Grave Robber and Accomplished Liar
Albrecht Fahl was born to Kurt and Hanna Fahl among the tumbledown dockyard slums of Ubersreik. Hanna died less than a year after the boy’s birth, so his father raised Albrecht with the help of Albrecht’s older sister Greta.
Kurt was a grave robber by trade, and would skulk among the tombs and hedges of Ubersreik’s graveyards by night, digging up the graves of the recently-interred in order to sell any possessions buried with the dead — as well as any corpses fresh enough to be valuable to the city’s many physicians.
Despite his occupation, the children’s father was a pious and dutiful man. Albrecht and Greta were raised to respect and honor all of the gods in the Imperial pantheon, even — and perhaps especially — Morr, the god of the dead, whose wrath they risked with every disturbed grave.
As soon as the children were old enough, they began accompanying their father on his midnight excursions. Albrecht would help his father with the digging, while Greta served as a lookout. Once a body had been exhumed, it would be loaded into a false-bottomed cart, the top portion of which had been piled high with horse dung, in order to discourage close examination. Greta would then wheel the cart off into the night to make the rounds of likely buyers while Albrecht and his father replaced the disturbed soil. In this way, the trio generally managed to stay sheltered and fed.
Though they occupied a low position in life, Kurt nevetheless had high hopes for his son. In order to try and help Albrecht make a better life for himself, he entered into an arrangement with Doctor Johannas Rudloff, a professor associated with the Ubersreik College of Surgery. In exchange for a steady stream of fresh bodies for anatomical dissection, Doctor Rudloff would teach young Albrecht to read and write, and then, when the boy had reached a suitable age, would take him on as an apprentice. Soon, Albrecht was haltingly reading gravestone inscriptions in the moonlight, to the great delight of his proud father.
It was not to last, however. Soon enough, one of Doctor Rudloff’s students recognized one of the anatomical specimens as his own brother, who had last been seen alive and well at a wharfside tavern the night before. The resulting hue and cry ended with the hanging of Doctor Rudloff and of Kurt Fahl. Greta fled to Auerswald, and Albrecht was left alone in the city.

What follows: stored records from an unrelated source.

(* Let $p$ be a POP of length $k\geq 1$ and let $0\leq i\leq s\leq k$ be such that every label in $$I=\{1,2,\ldots,i\}\cup\{k-s+i+1,\,k-s+i+2,\ldots,k\}$$ is isolated in $p$ (incomparable to every other label). Let $p_1$ be the POP of length $k-s$ obtained from $p$ by deleting the labels in $I$ and relabeling the remaining labels $i+1,\ldots,k-s+i$ as $1,\ldots,k-s$ in an order-preserving way (i.e. label $j$ becomes $j-i$), keeping the order relations among them. Let $a(n)=|S_n(p)|$ and $b(n)=|S_n(p_1)|$. Then $a(n)=n!$ for $n<k$ and $$a(n)=\frac{n!}{(n-s)!}\,b(n-s)\quad\text{for } n\geq k.$$
   Context: An $n$-permutation is a word $\pi=\pi_1\cdots\pi_n$ containing each of $1,\ldots,n$ exactly once; $S_n$ is the set of $n$-permutations ($S_0$ consists of the empty permutation). A partially ordered pattern (POP) $p$ of length $k$ is a partial order $\prec$ on the label set $\{1,\ldots,k\}$ (for $k=0$ it is the empty pattern, contained in every permutation). An $n$-permutation $\pi$ contains $p$ if there are indices $1\leq i_1<\cdots<i_k\leq n$ such that $\pi_{i_j}<\pi_{i_m}$ whenever $j\prec m$ (no condition between incomparable labels); otherwise $\pi$ avoids $p$. $S_n(p)$ denotes the set of $n$-permutations avoiding $p$. *)

From mathcomp Require Import all_boot all_order all_fingroup.
Set Implicit Arguments. Unset Strict Implicit. Unset Printing Implicit Defensive.

(* A POP of length k: a strict partial order on the label set 'I_k
   (labels 1..k of the paper are 0..k-1 here). [p a b] means a ≺ b. *)
Definition is_pop (k : nat) (p : rel 'I_k) : Prop :=
  irreflexive p /\ transitive p.

Definition contains (k n : nat) (p : rel 'I_k) (sigma : 'S_n) : bool :=
  [exists f : {ffun 'I_k -> 'I_n},
    [forall a : 'I_k, forall b : 'I_k, (a < b) ==> (f a < f b)] &&
    [forall a : 'I_k, forall b : 'I_k, p a b ==> (sigma (f a) < sigma (f b))]].

Definition avoids (k n : nat) (p : rel 'I_k) (sigma : 'S_n) : bool :=
  ~~ contains p sigma.

Definition num_avoid (k : nat) (p : rel 'I_k) (n : nat) : nat :=
  #|[set sigma : 'S_n | avoids p sigma]|.

Definition isolated (k : nat) (p : rel 'I_k) (l : 'I_k) : Prop :=
  forall j : 'I_k, j != l -> ~~ p l j /\ ~~ p j l.

Definition nat_rel (k : nat) (p : rel 'I_k) : rel nat :=
  fun x y => match insub x, insub y with
             | Some a, Some b => p a b
             | _, _ => false
             end.

(* The POP of length k - s obtained by deleting labels 0..i-1 and
   k-s+i..k-1 and relabelling label j (i <= j < k-s+i) as j - i. *)
Definition restrict_pop (k : nat) (p : rel 'I_k) (i s : nat) : rel 'I_(k - s) :=
  fun a b => nat_rel p (val a + i) (val b + i).
Arguments restrict_pop {k} p i s.

From mathcomp Require Import all_boot all_order all_fingroup zify.
Set Implicit Arguments. Unset Strict Implicit. Unset Printing Implicit Defensive.

(* An isolated label imposes only a position, never a value constraint.  If
   the first label of the pattern is isolated, a permutation of length n+1
   written as [lift_perm 0 j t] (first entry j, the rest order-isomorphic to
   t) contains the pattern iff t contains the pattern with that label
   deleted: an occurrence can always use the first entry for the isolated
   label.  The same holds for an isolated last label and [lift_perm max j t].
   Since (j, t) |-> lift_perm i0 j t is a bijection 'I_(n+1) * 'S_n -> 'S_(n+1),
   each deletion multiplies the number of avoiders by n+1.  Deleting the
   i isolated leading and the s-i isolated trailing labels one at a time gives
   |S_n(p)| = n^_s * |S_(n-s)(p_1)| = n!/(n-s)! * |S_(n-s)(p_1)| for n >= k.
   For n < k nothing contains a pattern of length k (pigeonhole).
   To let the induction peel labels freely, patterns are handled as relations
   on nat restricted to an initial segment ([pop_of]), and permutations as
   functions on nat ([perm_nat]). *)

Definition pop_of (k : nat) (R : rel nat) : rel 'I_k := fun a b => R a b.
Arguments pop_of k R : clear implicits.

Definition nat_isolated (k : nat) (R : rel nat) (l : nat) : Prop :=
  forall y, y < k -> ~~ R l y && ~~ R y l.

Definition perm_nat n (s : 'S_n) (x : nat) : nat :=
  if (insub x : option 'I_n) is Some a then val (s a) else 0.

Lemma perm_natE n (s : 'S_n) (a : 'I_n) : perm_nat s a = s a.
Proof. by rewrite /perm_nat valK. Qed.

Lemma insub_ord k x (xk : x < k) : (insub x : option 'I_k) = Some (Ordinal xk).
Proof. by rewrite insubT. Qed.

Lemma ltn_bump2 h x y : (bump h x < bump h y) = (x < y).
Proof. by rewrite !ltnNge leq_bump2. Qed.

Lemma perm_nat_lift n (i j : 'I_n.+1) (t : 'S_n) x : x < n ->
  perm_nat (lift_perm i j t) (bump i x) = bump j (perm_nat t x).
Proof.
move=> xn; have -> : bump i x = lift i (Ordinal xn) by [].
by rewrite perm_natE lift_perm_lift /= -(perm_natE t (Ordinal xn)).
Qed.

Lemma perm_nat_lift_id n (i j : 'I_n.+1) (t : 'S_n) :
  perm_nat (lift_perm i j t) i = j.
Proof. by rewrite perm_natE lift_perm_id. Qed.

Lemma containsP k n (R : rel nat) (s : 'S_n) :
  reflect (exists h : nat -> nat,
    [/\ (forall a b, a < b -> b < k -> h a < h b),
        (forall a, a < k -> h a < n) &
        (forall a b, a < k -> b < k -> R a b -> perm_nat s (h a) < perm_nat s (h b))])
  (contains (pop_of k R) s).
Proof.
apply: (iffP existsP).
- move=> [f /andP[/forallP incr /forallP resp]].
  exists (fun x => if (insub x : option 'I_k) is Some a then val (f a) else 0).
  split.
  + move=> a b ab bk; have ak := ltn_trans ab bk.
    rewrite (insub_ord ak) (insub_ord bk).
    by move/forallP/(_ (Ordinal bk))/implyP: (incr (Ordinal ak)); apply.
  + by move=> a ak; rewrite (insub_ord ak) ltn_ord.
  + move=> a b ak bk Rab; rewrite (insub_ord ak) (insub_ord bk) !perm_natE.
    by move/forallP/(_ (Ordinal bk))/implyP: (resp (Ordinal ak)); apply.
- move=> [h [incr bound resp]].
  exists [ffun a : 'I_k => Ordinal (bound _ (ltn_ord a))].
  apply/andP; split; apply/forallP=> a; apply/forallP=> b; apply/implyP=> ab;
    rewrite !ffunE /=; first exact: incr.
  by rewrite -!perm_natE; apply: resp.
Qed.

Lemma eq_num_avoid k (p q : rel 'I_k) n : p =2 q -> num_avoid p n = num_avoid q n.
Proof.
move=> epq; apply: eq_card => s; rewrite !inE /avoids /contains.
congr (~~ _); apply: eq_existsb => f; congr (_ && _).
by apply: eq_forallb => a; apply: eq_forallb => b; rewrite epq.
Qed.

Lemma contains_length k n (p : rel 'I_k) (s : 'S_n) : contains p s -> k <= n.
Proof.
move=> /existsP[f /andP[/forallP incr _]].
have finj : injective f.
  move=> a b fab; apply/eqP; case: (ltngtP a b) => [ab|ba|/val_inj -> //].
  - by move/forallP/(_ b)/implyP/(_ ab): (incr a); rewrite fab ltnn.
  - by move/forallP/(_ a)/implyP/(_ ba): (incr b); rewrite fab ltnn.
by have := leq_card f finj; rewrite !card_ord.
Qed.

Lemma card_lift_perm n (i0 : 'I_n.+1) (A : pred 'S_n.+1) (B : pred 'S_n) :
  (forall j t, A (lift_perm i0 j t) = B t) ->
  #|[set s | A s]| = n.+1 * #|[set t | B t]|.
Proof.
move=> AB.
pose F (x : 'I_n.+1 * 'S_n) := lift_perm i0 x.1 x.2.
have Finj : injective F.
  move=> [j1 t1] [j2 t2]; rewrite /F /= => E.
  have ej : j1 = j2 by rewrite -(lift_perm_id i0 j1 t1) E lift_perm_id.
  subst j2; congr pair; apply/permP=> m; apply: (@lift_inj _ j1).
  by rewrite -!(lift_perm_lift i0) E.
have Fonto s : s \in codom F.
  by apply: inj_card_onto => //; rewrite card_prod card_ord !card_Sn factS.
have -> : [set s | A s] = F @: setX [set: 'I_n.+1] [set t | B t].
  apply/setP => s; rewrite inE; apply/idP/imsetP.
  - by have /codomP[[j t] ->] := Fonto s; rewrite /F AB => Bt; exists (j, t);
      rewrite ?inE.
  - by move=> [[j t]]; rewrite !inE => /= Bt ->; rewrite /F AB.
by rewrite (card_imset _ Finj) cardsX cardsT card_ord.
Qed.

(* An isolated first label can always be matched by the first entry. *)
Lemma contains_lift_first k n (R : rel nat) (j : 'I_n.+1) (t : 'S_n) :
  nat_isolated k.+1 R 0 ->
  contains (pop_of k.+1 R) (lift_perm ord0 j t) =
  contains (pop_of k (fun x y => R x.+1 y.+1)) t.
Proof.
move=> iso0; have perm_natS x : x < n ->
    perm_nat (lift_perm ord0 j t) x.+1 = bump j (perm_nat t x).
  exact: perm_nat_lift.
apply/containsP/containsP=> -[h [incr bound resp]].
- have pos a : a < k -> 0 < h a.+1.
    by move=> ak; apply: leq_ltn_trans (incr 0 a.+1 erefl ak).
  have hS a : a < k -> h a.+1 = (h a.+1).-1.+1 by move/pos/prednK.
  have bound' a : a < k -> (h a.+1).-1 < n.
    by move=> ak; rewrite -ltnS -hS //; apply: bound.
  exists (fun x => (h x.+1).-1); split => [a b ab bk | // | a b ak bk Rab].
  + have ak := ltn_trans ab bk.
    by rewrite -ltnS -(hS a) // -(hS b) //; apply: incr.
  + by have := resp a.+1 b.+1 ak bk Rab; rewrite (hS a) // (hS b) // !perm_natS
      ?bound' // ltn_bump2.
- exists (fun x => if x is x'.+1 then (h x').+1 else 0).
  split => [[|a] [|b] // ab bk | [|a] // ak | [|a] [|b] ak bk].
  + by rewrite ltnS; apply: incr.
  + by rewrite ltnS; apply: bound.
  + by have /andP[/negbTE -> _] := iso0 0 ak.
  + by have /andP[/negbTE -> _] := iso0 _ bk.
  + by have /andP[_ /negbTE ->] := iso0 _ ak.
  + by move=> Rab; rewrite !perm_natS ?bound // ltn_bump2; apply: resp.
Qed.

(* An isolated last label can always be matched by the last entry. *)
Lemma contains_lift_last k n (R : rel nat) (j : 'I_n.+1) (t : 'S_n) :
  nat_isolated k.+1 R k ->
  contains (pop_of k.+1 R) (lift_perm ord_max j t) = contains (pop_of k R) t.
Proof.
move=> isok; have perm_natB x : x < n ->
    perm_nat (lift_perm ord_max j t) x = bump j (perm_nat t x).
  move=> xn; have {1}-> : x = bump (@ord_max n) x by rewrite /bump /= leqNgt xn.
  exact: perm_nat_lift.
apply/containsP/containsP=> -[h [incr bound resp]].
- have bound' a : a < k -> h a < n.
    by move=> ak; rewrite -ltnS; apply: leq_trans (incr a k ak _) (bound k _).
  exists h; split => [a b ab bk | // | a b ak bk Rab].
  + exact: incr _ _ ab (ltnW bk).
  + by have := resp _ _ (ltnW ak) (ltnW bk) Rab; rewrite !perm_natB ?bound'
      // ltn_bump2.
- exists (fun x => if x < k then h x else n).
  split => [a b ab bk | a ak | a b ak bk].
  + case: (ltnP a k) => a_k; case: (ltnP b k) => b_k;
      [exact: incr | exact: bound | lia | lia].
  + by case: (ltnP a k) => // a_k; apply/ltnW/bound.
  + case: (ltnP a k) => a_k; case: (ltnP b k) => b_k.
    * by move=> Rab; rewrite !perm_natB ?bound // ltn_bump2; apply: resp.
    * have -> : b = k by lia.
      by have /andP[_ /negbTE ->] := isok _ ak.
    * have -> : a = k by lia.
      by have /andP[/negbTE -> _] := isok _ bk.
    * have -> : a = k by lia.
      by have /andP[/negbTE -> _] := isok _ bk.
Qed.

Lemma num_avoid_strip_first k n (R : rel nat) :
  nat_isolated k.+1 R 0 ->
  num_avoid (pop_of k.+1 R) n.+1 =
  n.+1 * num_avoid (pop_of k (fun x y => R x.+1 y.+1)) n.
Proof.
move=> iso0; apply: (card_lift_perm (i0 := ord0)) => j t.
by rewrite /avoids contains_lift_first.
Qed.

Lemma num_avoid_strip_last k n (R : rel nat) :
  nat_isolated k.+1 R k ->
  num_avoid (pop_of k.+1 R) n.+1 = n.+1 * num_avoid (pop_of k R) n.
Proof.
move=> isok; apply: (card_lift_perm (i0 := ord_max)) => j t.
by rewrite /avoids contains_lift_last.
Qed.

Lemma num_avoid_strip s i k (R : rel nat) n : i <= s -> s <= k -> k <= n ->
  (forall l, l < k -> (l < i) || (k - s + i <= l) -> nat_isolated k R l) ->
  num_avoid (pop_of k R) n =
  n ^_ s * num_avoid (pop_of (k - s) (fun x y => R (x + i) (y + i))) (n - s).
Proof.
elim: s i k R n => [|s IH] i k R n le_is le_sk le_kn iso.
  move: le_is; rewrite leqn0 => /eqP ->; rewrite ffactn0 mul1n !subn0.
  by apply: eq_num_avoid => a b; rewrite /pop_of !addn0.
case: k le_sk le_kn iso => [|k] // le_sk; case: n => [|n] // le_kn iso.
rewrite !subSS ffactSS -mulnA.
case: i le_is iso => [|i] le_is iso.
- rewrite num_avoid_strip_last; last by apply: iso; lia.
  by congr (_ * _); apply: IH => // l lk ll y yk; apply: iso; lia.
- rewrite num_avoid_strip_first; last by apply: iso.
  rewrite (IH i) //; last by move=> l lk ll y yk; apply: iso; lia.
  by congr (_ * (_ * _)); apply: eq_num_avoid => a b; rewrite /pop_of !addnS.
Qed.

Lemma pop_of_nat_rel k (p : rel 'I_k) : pop_of k (nat_rel p) =2 p.
Proof. by move=> a b; rewrite /pop_of /nat_rel !valK. Qed.

(* Isolation transfers to the nat presentation (p is irreflexive, so the
   label is also unrelated to itself). *)
Lemma nat_rel_isolated k (p : rel 'I_k) (l : 'I_k) :
  irreflexive p -> isolated p l -> nat_isolated k (nat_rel p) l.
Proof.
move=> irr iso y yk; rewrite /nat_rel valK (insub_ord yk).
have [-> | ne] := eqVneq (Ordinal yk) l; first by rewrite irr.
by have [-> ->] := iso _ ne.
Qed.

Theorem theorem2p4 (k : nat) (p : rel 'I_k) (i s : nat) :
  1 <= k -> is_pop p -> i <= s -> s <= k ->
  (forall l : 'I_k, (val l < i) || (k - s + i <= val l) -> isolated p l) ->
  (forall n, n < k -> num_avoid p n = n`!) /\
  (forall n, k <= n ->
     num_avoid p n = n`! %/ (n - s)`! * num_avoid (restrict_pop p i s) (n - s)).
Proof.
move=> _ [irr _] le_is le_sk iso; split => n nk.
  rewrite /num_avoid -card_Sn; apply: eq_card => sg; rewrite !inE /avoids.
  by apply/negP => /contains_length; rewrite leqNgt nk.
rewrite -(ffact_factd (leq_trans le_sk nk)) -(eq_num_avoid _ (pop_of_nat_rel p)).
rewrite (@num_avoid_strip s i) // => l lk ll.
by have := nat_rel_isolated irr (iso (Ordinal lk) ll).
Qed.
(* Let $n\ge 3$, $0<m<\frac{n-2}{n}$, $\rho>0$, and let $\alpha,\beta$ satisfy $\alpha=\frac{2\beta+\rho}{1-m}$, $\beta>\frac{m\rho}{n-2-mn}$, and $\alpha>n\beta$. Let $v$ be a radially symmetric solution of $$\frac{n-1}{m}\Delta v^m+\alpha v+\beta x\cdot\nabla v=0,\quad v>0,\quad\text{in }\mathbb{R}^n,$$ let $w(r)=r^2v(r)^{1-m}$ and $w_\infty=\frac{2(n-1)(n(1-m)-2)}{(1-m)(\alpha(1-m)-2\beta)}$. Then there exists a constant $\varepsilon\in(0,\min(1,w_\infty/2))$ such that for every $R_0>1$ there exists $r'>R_0$ with $w(r')\ge\varepsilon$.
   Context: $v(r)$ denotes the value of the radially symmetric function $v$ at any point with $|x|=r$. *)

From HB Require Import structures.
From mathcomp Require Import all_boot all_order all_algebra.
From mathcomp Require Import all_classical all_reals all_analysis.
Set Implicit Arguments. Unset Strict Implicit. Unset Printing Implicit Defensive.
Import Order.TTheory GRing.Theory Num.Theory.
Import numFieldNormedType.Exports.
Local Open Scope ring_scope.

(* Euclidean norm |x| on R^n (the library norm on matrices is the sup norm). *)
Definition enorm {R : realType} {n : nat} (x : 'rV[R]_n) : R :=
  Num.sqrt (\sum_(i < n) x ord0 i ^+ 2).

Definition ebasis {R : realType} {n : nat} (i : 'I_n) : 'rV[R]_n :=
  delta_mx ord0 i.

Definition partial {R : realType} {n : nat} (f : 'rV[R]_n -> R) (i : 'I_n)
  (x : 'rV[R]_n) : R := derive f x (ebasis i).

Definition laplacian {R : realType} {n : nat} (f : 'rV[R]_n -> R)
  (x : 'rV[R]_n) : R := \sum_(i < n) partial (partial f i) i x.

Definition xdotgrad {R : realType} {n : nat} (f : 'rV[R]_n -> R)
  (x : 'rV[R]_n) : R := \sum_(i < n) x ord0 i * partial f i x.
Lemma prefactor_range : 0 <= exp (-(1/8)) / (4 * sqrt 2) <= 177/1000.
Proof.
  assert (Hexp : 0 < exp (-(1/8)) <= 1).
  { pose proof (exp_increasing (-(1/8)) 0 ltac:(lra)); pose proof (exp_pos (-(1/8))).
    rewrite exp_0 in *; lra. }
  assert (Hsqrt2 : 1414/1000 <= sqrt 2).
  { rewrite <- (sqrt_pow2 (1414/1000)) by lra; apply sqrt_le_1_alt; lra. }
  split; [apply Rmult_le_pos; [lra | left; apply Rinv_0_lt_compat; lra]|].
  apply Rmult_le_reg_r with (4 * sqrt 2); [lra|].
  replace (exp (-(1/8)) / (4 * sqrt 2) * (4 * sqrt 2)) with (exp (-(1/8))) by (field; lra).
  lra.
Qed.

Lemma sqrt_ratio_range nn : 7 <= nn -> 92/100 <= sqrt ((nn - 1) / nn) <= 1.
Proof.
  intros Hnn.
  assert (Hratio : 6/7 <= (nn - 1) / nn <= 1).
  { replace ((nn - 1) / nn) with (1 - / nn) by (field; lra).
    assert (/ nn <= / 7) by (apply Rinv_le_contravar; lra).
    assert (0 < / nn) by (apply Rinv_0_lt_compat; lra).
    lra. }
  split.
  - rewrite <- (sqrt_pow2 (92/100)) by lra; apply sqrt_le_1_alt; lra.
  - apply Rle_trans with (sqrt 1); [apply sqrt_le_1_alt; lra | rewrite sqrt_1; lra].
Qed.

Lemma sqrt_one_plus_range v c : 0 <= v -> 1 <= c -> 1 <= sqrt (1 + v) <= sqrt (1 + c * v).
Proof.
  intros Hv Hc; split.
  - apply Rle_trans with (sqrt 1); [rewrite sqrt_1; lra | apply sqrt_le_1_alt; lra].
  - apply sqrt_le_1_alt; nra.
Qed.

Whether due to a sense of longing for the mother he never knew, his exposure to Doctor Rudloff’s occupation, or a simple, pragmatic horror of disease and death, it was around this time that Albrecht began to develop a particular affinity for Shallya, the goddess of health and healing. He returned to grave-robbing, and also recruited an accomplice; a penniless young tough by the name of Wolfgang Jäger.
Albrecht always had some grandiose scheme or another in mind, and Wolfgang was never particularly bright, a combination which often tended to dissipate the pair’s efforts to little effect.
As an example, Albrecht and Wolfgang once spent weeks tunneling under the Morrsgarten, one of Ubersreik’s better-guarded graveyards, from an adjacent unoccupied townhouse. Albrecht’s plan had been to break into the elaborate mausoleum of the ruling von Jungfreud family from underneath, thus eliminating the risk of discovery by watchmen patrolling the graveyard.
Unfortunately, a miscalculation on Albrecht’s part caused the pair to tunnel too far, overshooting their target and instead breaking into one of Ubersreik’s chronically overtaxed sewer pipes. Albrecht and Wolfgang nearly drowned in their tunnel as it rapidly flooded with foul sewage. The tunnel was unusable, and the townhouse from which they’d performed their excavations was rendered entirely unsuitable for human habitation.
Despite the near-constant setbacks occasioned by Albrecht’s overly optimistic schemes, they paid off often enough to have allowed the two young men to live reasonably well, but their profligate and intemperate natures kept them from ever holding on to money for much longer than it took to spend it. Much of their time was spent at a decrepit waterfront dive known as the Red Moon Inn, where they soon developed something of a reputation for standing rounds for the house one night, and begging for a bowl of stew the next.
It was during this time that Albrecht and Wolfgang became acquainted with a young woman named Gertrud Scharf, a barmaid and occasional prostitute. She showed romantic interest in both of the young men, and over time drifted into and out of relationships with both, which, predictably, led to escalating tension between the pair. The partnership ended with a fistfight, which Albrecht lost.
Since then, Albrecht has worked alone, mostly uneventfully. The last three months, however, have been marked by a series of misfortunes. The false-bottomed cart, along with his spade and other tools, were lost in a fire ignited during the Cobble Tax Riots, and the priests of Morr on the night watches have begun exhibiting what Albrecht considers to be excessive vigilance, in response to the emergence of an unsubstantiated rumor about ghouls in the sewers.
And so he enters play, reduced to nothing but the clothes on his back, a dagger, a few pennies, and a crude brass token — worthless to most, but precious to Albrecht Fahl — inscribed with a symbol of Shallya.